I recently built a pair of the CSS Audio 1TD-X monitors, the sound of which has exceeded my expectations.  The metal connectors that were supplied that clip on to the tabs on the drivers were pretty crappy and very difficult to crimp the wires to.  

Two questions.  First, can anyone recommend better connectors?  Second, I saw a tool somewhere that looks a bit like pliers that strips the covering off the connecting wire, and perfectly crimps the wire to the connector with one squeeze. I suppose I could solder the wires to the driver tabs, but I am not that handy with a soldering iron and it seems to be a delicate place to solder for a nimrod like me.    Cheers, Whitestix 

whitestix

Always solder the leads to the drivers. It makes a better connection and if you don’t, corrosion can build up between the clips and the leads or the clips can fall off. I bought a roll of resin core, silver solder years ago. I believe it’s only 4% silver, the rest is Tin and Lead, so it melts really quickly.  There’s a bunch of videos on YouTube on how to solder.

All the best.

The WBT solder is 4% silver and is lead based so it melts at low temperature and is easy to use.  It is expensive.  Even more expensive is the 6% silver solder from Audio Note.  Their solder is lead free-mostly tin, silver, copper and antimony-which makes it compliant with European environmental laws, but it is a bit harder to tell if you have a good solder joint (it does not have the shiny silver look of a good job of soldering). 

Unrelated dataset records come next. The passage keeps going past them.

Lemma pop_segs_ones k vs bs vs' : pop_segs k vs = Some (bs, vs') ->
  all (fun b => size b == 1) bs ->
  pop_ones k (seg_sizes vs) = Some (seg_sizes vs') /\ size (flatten bs) = k.
Proof.
elim: k vs bs vs' => [|k IH] vs bs vs' /=; first by case=> <- <-.
case E: (pop_seg vs) => [[b vs1]|] //.
case E2: (pop_segs k vs1) => [[bs1 vs2]|] // [<- <-].
rewrite all_rcons => /andP[/eqP sz1 ones].
rewrite (pop_seg_sizes E) sz1 /= seg_sizes_neq0 flatten_rcons size_cat sz1 addn1.
by have [-> ->] := IH _ _ _ E2 ones.
Qed.

Lemma pop_singles_ones k vs ws vs' : pop_singles k vs = Some (ws, vs') ->
  pop_ones k (seg_sizes vs) = Some (seg_sizes vs') /\ size ws = k.
Proof.
rewrite /pop_singles; case E: (pop_segs k vs) => [[bs vs1]|] //.
by case: ifP => // ones [<- <-]; apply: pop_segs_ones E ones.
Qed.

Lemma pop_ones_singles k vs l : pop_ones k (seg_sizes vs) = Some l ->
  pop_singles k vs.
Proof.
rewrite /pop_singles; elim: k vs l => [|k IH] vs l //=.
case E: (seg_sizes vs) => [|j l1] //; case: ifP => // /andP[/eqP j1 nl1] popk.
have [b [vs' E1]] := seg_sizes_pop E nl1; rewrite E1.
move: E; rewrite (pop_seg_sizes E1) => -[szb Evs']; rewrite -Evs' in popk.
move: (IH _ _ popk); case: (pop_segs k vs') => [[bs vs2]|] //.
by rewrite all_rcons szb j1; case: ifP.
Qed.

Lemma pop_ones_nseq k vs :
  pop_ones k (nseq k 1 ++ seg_sizes vs) = Some (seg_sizes vs).
Proof.
elim: k => [|k IH] //=; rewrite IH.
by case: k {IH} => //=; rewrite seg_sizes_neq0.
Qed.

Lemma on_result_dle D1 D K l : dle D1 D -> on_result D K l -> on_result D1 K l.
Proof. by case/dle_cases => [->|->|->]. Qed.

Lemma safe_args es r m l : all single (map dimO es) ->
  safe m (nseq (size es) 1 ++ l) -> safe (args_items es r ++ m) l.
Proof.
elim: es l => [|e es IH] l //= /andP[/single_cases [->|->] s_es] sm //=.
by apply: IH; rewrite // /grow_top -cat1s catA -[[:: 1]]/(nseq 1 1) -nseqD addn1.
Qed.

Lemma safe_hole_shape h r m vs :
  safe (IHole h r :: m) (seg_sizes vs) -> shape_ok P h vs.
Proof.
case: h => [xs e2|p k|o k|e1 e2|k|p k|].
- rewrite /=; case E: (seg_sizes vs) => [|j l] // [le_xs nl _].
  have [b [vs' Evs]] := seg_sizes_pop E nl; move: E.
  by rewrite (pop_seg_sizes Evs) => -[szb _]; rewrite Evs /= szb.
- by case=> ar [l /pop_ones_singles]; rewrite /= ar eqxx => ->.
- by case=> ar [l /pop_ones_singles]; rewrite /= ar eqxx => ->.
- by case=> l /pop_ones_singles.
- by case=> l /pop_ones_singles.
- by case=> ar [l /pop_ones_singles]; rewrite /= ar eqxx => ->.
- by case=> l /pop_ones_singles.
Qed.

Lemma safe_step c c' : step P c c' ->
  safe (cmain c) (seg_sizes (cvals c)) -> safe (cmain c') (seg_sizes (cvals c')).
Proof.
case=> //.
- move=> xs e1 e2 r m vs s /=; case: (dimO e1) => [|j|] //= sm.
  by case: ifP sm => //= le_xs sm; split; rewrite ?seg_sizes_neq0.
- move=> p es r m vs s /=; case: ifP => // /andP[/eqP ar s_es] sm.
  by apply: safe_args => //=; split => //; exists (seg_sizes vs); rewrite ?pop_ones_nseq.
- move=> o es r m vs s /=; case: ifP => // /andP[/eqP ar s_es] sm.
  by apply: safe_args => //=; split => //; exists (seg_sizes vs); rewrite ?pop_ones_nseq.
- move=> e0 e1 e2 r m vs s /=; case: ifP => // /single_cases[->|->] sm //=.
  exists (seg_sizes vs); first by rewrite seg_sizes_neq0.
  by split; apply: on_result_dle sm; [apply: dle_djoinl | apply: dle_djoinr].
- move=> es r m vs s /=; case: ifP => // s_es sm.
  by apply: safe_args => //=; exists (seg_sizes vs); rewrite ?pop_ones_nseq.
- move=> p es r m vs s /=; case: ifP => // /andP[/eqP ar s_es] sm.
  by apply: safe_args => //=; split => //; exists (seg_sizes vs); rewrite ?pop_ones_nseq.
- move=> e r m vs s /=; case: ifP => // /single_cases[->|->] sm //=.
  by exists (seg_sizes vs); rewrite ?seg_sizes_neq0.
- move=> xs e2 r m vs s b vs' /=; case E: (pop_seg vs) => [[b1 vs1]|] // [_ <-] _.
  by rewrite (pop_seg_sizes E) => -[].
- move=> p k r m vs s ws vs' _ /pop_singles_ones[pop _] [_ [l]].
  by rewrite pop => -[<-] sm /=; rewrite outdim_fixpoint.
- move=> o k r m vs s ws vs' ar /pop_singles_ones[pop sz] [_ [l]].
  by rewrite pop seg_sizes_push prim_fun_size ?sz // => -[<-].
- move=> e1 e2 r m vs s v vs' /pop_singles_ones[pop _] [l].
  by rewrite pop => -[<-] []; case: (truthy _ v).
- move=> k r m vs s ws vs' /pop_singles_ones[pop sz] [l].
  by rewrite pop seg_sizes_push sz => -[<-].
- move=> p k r m vs s ws vs' _ /pop_singles_ones[pop _] [_ [l]].
  by rewrite pop => -[<-].
- move=> r m vs s v vs' w s' /pop_singles_ones[pop _] _ [l].
  by rewrite pop => -[<-].
Qed.

Lemma safe_star c c' : star (step P) c c' ->
  safe (cmain c) (seg_sizes (cvals c)) -> safe (cmain c') (seg_sizes (cvals c')).
Proof. by elim=> // c1 c2 c3 st _ IH sc1; apply/IH/(safe_step st). Qed.

Lemma safe_init e (G : S) : dlt (dimE P e) DTop ->
  safe (cmain (init e G)) (seg_sizes (cvals (init e G))).
Proof. by rewrite /dimE /=; case: (dimO e). Qed.

End Safety.

Theorem mainTheorem8 (V S : Type) (P : program V S) (e : expr V) (G : S)
    (chi : config V S) :
  dlt (dimE P e) DTop ->
  star (step P) (init e G) chi ->
  ~~ fails_dim P chi.
Proof.
move=> /(safe_init G) safe0 /safe_star /(_ safe0).
case: chi => [[|[e' r| |h r] m] vs s] //=; rewrite /fails_dim /= negbK.
exact: safe_hole_shape.
Qed.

Both brands of solder is certainly overkill for this one particular job.  If one is building a whole amp or the like, it may make sense to use such ultra-premium parts as silver solder, but for just this one job, stick with regular solder.

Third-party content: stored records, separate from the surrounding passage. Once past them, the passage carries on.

Lemma grid_mean_equidistributed gx gy L gx' gy' L' (phi : R -> R) Lam
  (HL : 0 < L) (HL' : 0 < L') :
  (forall s t, Rabs (gx s - gx t) <= Rabs (s - t)) ->
  (forall s t, Rabs (gy s - gy t) <= Rabs (s - t)) ->
  (forall s t, Rabs (gx' s - gx' t) <= Rabs (s - t)) ->
  (forall s t, Rabs (gy' s - gy' t) <= Rabs (s - t)) ->
  (forall r, distr gx gy L HL r = distr gx' gy' L' HL' r) ->
  phi 0 = 0 -> (forall x y, 0 <= x <= y -> phi x <= phi y) -> 0 <= Lam ->
  (forall x y, 0 <= x <= y -> y <= 2 * L + 2 * L' + 1 -> phi y - phi x <= Lam * (y - x)) ->
  forall eps, 0 < eps -> exists N0, forall n, (N0 <= n)%nat -> (1 <= n)%nat ->
    Rabs (grid_mean gx gy L n phi - grid_mean gx' gy' L' n phi) <= eps.
Proof.
  intros Lx Ly Lx' Ly' Hdistr Hphi0 Hmono HLam HLip eps Heps.
  set (tau := Rmin 1 (eps / (3 * Lam + 1))).
  assert (Htau : 0 < tau) by (apply Rmin_pos; [lra|apply Rdiv_lt_0_compat; lra]).
  assert (Htau1 : tau <= 1) by apply Rmin_l.
  assert (HLt : 3 * (Lam * tau) <= eps).
  { pose proof (Rmin_r 1 (eps / (3 * Lam + 1))). fold tau in H.
    assert (E : eps / (3 * Lam + 1) * (3 * Lam + 1) = eps) by (field; lra). nra. }
  destruct (nat_multiple_between (2 * L + 2 * L') tau) as [K [HK1 HK2]]; [lra|auto|].
  destruct (INR_unbounded (4 * (L + L') / tau)) as [N0 HN0].
  exists N0. intros n Hn Hn1.
  assert (HnR : 0 < INR n) by (apply lt_0_INR; lia).
  assert (HN0n : INR N0 <= INR n) by (apply le_INR; auto).
  assert (Hfine : 4 * (L / INR n) <= tau /\ 4 * (L' / INR n) <= tau).
  { assert (4 * (L + L') / tau * tau = 4 * (L + L')) by (field; lra).
    assert (4 * (L + L') < INR n * tau) by nra.
    assert (E1 : 4 * (L / INR n) * INR n = 4 * L) by (field; lra).
    assert (E2 : 4 * (L' / INR n) * INR n = 4 * L') by (field; lra).
    split; apply (Rmult_le_reg_r (INR n)); auto; [rewrite E1|rewrite E2]; nra. }
  eapply Rle_trans; [|exact HLt].
  apply (grid_mean_diff_le gx gy L gx' gy' L' phi tau K n (Lam * tau) HL HL');
    try tauto; try nra.
  intros k Hk. apply (mesh_incr_bounds phi Lam tau (2 * L + 2 * L') K k); auto.
Qed.

(** * Moments of finite point sets and of the circle *)

Definition mean (n : nat) (f : nat -> R) : R := rsum n f / INR n.

Lemma INR_mult_mean n f : (1 <= n)%nat -> INR n * mean n f = rsum n f.
Proof. intros Hn. assert (0 < INR n) by (apply lt_0_INR; lia). unfold mean. field. lra. Qed.

Section Moments.

Variables (x y : nat -> R) (n : nat).
Hypothesis Hn : (1 <= n)%nat.

Definition centroid_dist2 (i : nat) : R := (x i - mean n x) ^ 2 + (y i - mean n y) ^ 2.

Definition inertia : R := mean n centroid_dist2.

Definition inertia_var : R := mean n (fun i => (centroid_dist2 i - inertia) ^ 2).

Let u i := x i - mean n x.
Let v i := y i - mean n y.

Lemma rsum_centered (f : nat -> R) : rsum n (fun i => f i - mean n f) = 0.
Proof.
  assert (0 < INR n) by (apply lt_0_INR; lia).
  rewrite rsum_minus, rsum_const. unfold mean. field. lra.
Qed.

Lemma mean_pair_dist2 :
  rsum2 n (fun i j => (x i - x j) ^ 2 + (y i - y j) ^ 2) / INR n ^ 2 = 2 * inertia.
Proof.
  assert (0 < INR n) by (apply lt_0_INR; lia).
  assert (Hu : rsum n u = 0) by apply rsum_centered.
  assert (Hv : rsum n v = 0) by apply rsum_centered.
  rewrite (rsum2_ext n _ (fun i j =>
     centroid_dist2 i * 1 + 1 * centroid_dist2 j - 2 * (u i * u j) - 2 * (v i * v j))).
  2:{ intros i j _ _. unfold centroid_dist2, u, v. ring. }
  rewrite !rsum2_minus, !rsum2_plus, !rsum2_mult, !rsum2_scal, !rsum2_mult, Hu, Hv.
  rewrite rsum_const.
  unfold inertia, mean. field. lra.
Qed.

@joshua43214 I love your post here on soldering. Thanks, this is something I’m really trying to work on. Good explanation. 

Gents,

I got the soldering iron out and soldered those crossover leads to the driver tabs -- no more crappy connectors in my speakers.  I actually think the speakers sound a little clearer and more robust in the LF.  Incredibly, I did not burn myself once!

 

The downside of my efforts was this.  I have thin Sorbothane sheets on top of the my stands and the bond between them and the bottom of my speakers was stronger than the glue bond on the speaker veneer.  I used the iron-on glue recommended by Peter Rawlings and wonder if the usual pressure-sensitive glue provides a better bond?  At any rate, I will use just tiny squares of the Sorbothane on the speaker stand tops in the corners.